Entrevistei o médico duas vezes. Da primeira, assim que que cheguei ao seu consultório, ele me tacou dois beijos molhados nas bochechas e perguntou: "Você tem filhos?". Eu disse que não. "Estou vendo que você é atlética, então, deixa eu te dizer uma coisa: é porque você faz muita ginástica. Mulher assim fica infértil. Pode parar". Podia ter dado um coice nele, afinal, o motivo podia ser um câncer no útero, mas preferi seguir adiante já que estava lá para ouvi-lo. Na segunda entrevista, quando já estava preso, ele pediu que eu apalpasse os músculos de seu braço para eu ver "que ele era fraquinho" e que não poderia ter segurado mulheres à força. O cara era muito louco: ele era musculoso, e sabia disso. O que ele queria é que eu visse - e sentisse - seus músculos. Sim, os apertei, e falei que ele era forte e que poderia, sim, ter feito o que era acusado de fazer. Ele sorriu e disse "Você acha?".

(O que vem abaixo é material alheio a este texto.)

Lemma ipNr x z : ip z (- x) = - ip z x.
Proof. by rewrite ipC ipNl ipC. Qed.

Lemma ip0r x : ip x 0 = 0.
Proof. by rewrite ipC ip0l. Qed.

Lemma nsq_ge0 x : 0 <= nsq ip x.
Proof. by rewrite /nsq; case: ip_inner. Qed.

Lemma nsq_eq0 x : nsq ip x = 0 -> x = 0.
Proof. by case: ip_inner => _ _ _; apply. Qed.

Lemma nsqZ t x : nsq ip (t *: x) = t ^+ 2 * nsq ip x.
Proof. by rewrite /nsq ipZl ipZr mulrA -expr2. Qed.

Lemma hnorm_ge0 x : 0 <= hnorm ip x.
Proof. exact: sqrtr_ge0. Qed.

Lemma hnorm_sqr x : hnorm ip x ^+ 2 = nsq ip x.
Proof. by rewrite /hnorm sqr_sqrtr // nsq_ge0. Qed.

Lemma hnormZ t x : hnorm ip (t *: x) = `|t| * hnorm ip x.
Proof. by rewrite /hnorm -/(nsq ip _) nsqZ sqrtrM ?sqrtr_sqr // sqr_ge0. Qed.

Lemma cauchy_schwarz x y : ip x y <= hnorm ip x * hnorm ip y.
Proof.
have sq_le : ip x y ^+ 2 <= nsq ip x * nsq ip y.
  have [y0|y_neq0] := eqVneq (nsq ip y) 0.
    by rewrite (nsq_eq0 y0) ip0r /nsq ip0r expr2 !mulr0.
  have y_gt0 : 0 < nsq ip y by rewrite lt_def y_neq0 nsq_ge0.
  have := nsq_ge0 (nsq ip y *: x - ip x y *: y).
  rewrite /nsq !(ipDl, ipDr, ipNl, ipNr, ipZl, ipZr) (ipC y x) -!/(nsq ip _).
  nra.
apply: le_trans (ler_norm _) _.
by rewrite -sqrtr_sqr /hnorm -sqrtrM ?nsq_ge0 // ler_sqrt // mulr_ge0 // nsq_ge0.
Qed.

Como no caso de João de Deus, e que os médiuns nos desculpem de não tê-lo até agora chamado pelo nome certo, curandeiro, antes das primeiras reportagens sobre o caso Abdelmassih, o Ministério Público de São Paulo tinha cinco depoimentos de mulheres. Na primeira semana da primeira matéria -- dada pelo jornal Folha de S.Paulo -- eles subiram para 100. As vítimas contavam que também não o denunciavam porque, nas palavras emocionadas de muitas com quem conversei, os filhos delas estavam ali, na clínica dele, e elas achavam que se contassem sobre as violações pelas quais haviam passado, o médico e quem sabe o próprio marido, enfurecidos, podiam acabar com o tratamento.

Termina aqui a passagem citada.